_Records supplied_

= = = = =

(* Let $T$ be a $k$-tree and $C$ a $k$-clique of $T$. Then $$k+\frac{\log_2 N(T;C)}{2}\le \mu(T;C)\le \frac{N(T;C)+2k-1}{2}.$$ The lower bound holds with equality if and only if $T$ is a $k$-star and $C$ is its base $k$-clique. If $T$ has at least $k+1$ vertices, the upper bound holds with equality if and only if $T$ is a path-type $k$-tree and $C$ is simplicial.
   Context: A $k$-tree is defined recursively: $K_k$ is a $k$-tree, and if $T$ is a $k$-tree then so is the graph obtained by joining a new vertex to all vertices of some $k$-clique of $T$; there are no others. A sub-$k$-tree is a subgraph that is itself a $k$-tree. $N(T;C)$ is the number of sub-$k$-trees containing $C$ and $\mu(T;C)$ is their average number of vertices. A $k$-star is a $k$-tree consisting of a $k$-clique (its base $k$-clique) together with some number $m\ge 0$ of further pairwise non-adjacent vertices each joined to all vertices of the base (for $m=1$, any $k$-clique of $K_{k+1}$ may serve as base). A $k$-leaf is a vertex lying in exactly one $(k+1)$-clique; a simplicial $k$-clique is one containing a $k$-leaf. A path-type $k$-tree is a $k$-tree that is $K_k$, $K_{k+1}$, or has exactly two $k$-leaves. *)

From mathcomp Require Import all_boot.
From mathcomp Require Import boolp.
From Stdlib Require Import Reals.

Set Implicit Arguments.
Unset Strict Implicit.
Unset Printing Implicit Defensive.

Section KTrees.
Variable V : finType.

(* A graph is a pair (S, E): vertex set S and edge set E, edges being
   2-element subsets of V. *)

Definition cedges (X : {set V}) : {set {set V}} :=
  [set e in powerset X | #|e| == 2].

Definition is_clique (S : {set V}) (E : {set {set V}}) (X : {set V}) : bool :=
  (X \subset S) &&
  [forall u in X, forall w in X, (u != w) ==> ([set u; w] \in E)].

Definition nclique (S : {set V}) (E : {set {set V}}) (n : nat) (X : {set V}) : bool :=
  is_clique S E X && (#|X| == n).

Definition is_K (S : {set V}) (E : {set {set V}}) (n : nat) : bool :=
  (#|S| == n) && (E == cedges S).

Inductive ktree (k : nat) : {set V} -> {set {set V}} -> Prop :=
| ktree_base (S : {set V}) : #|S| = k -> ktree k S (cedges S)
| ktree_step (S : {set V}) (E : {set {set V}}) (C : {set V}) (v : V) :
    ktree k S E -> nclique S E k C -> v \notin S ->
    ktree k (v |: S) (E :|: [set [set v; u] | u in C]).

= = = = =

_What the exercise asks_
Using the records above, gather all lines where the string "Implicit" is present.

_Written answer_
Set Implicit Arguments.
Unset Strict Implicit.
Unset Printing Implicit Defensive.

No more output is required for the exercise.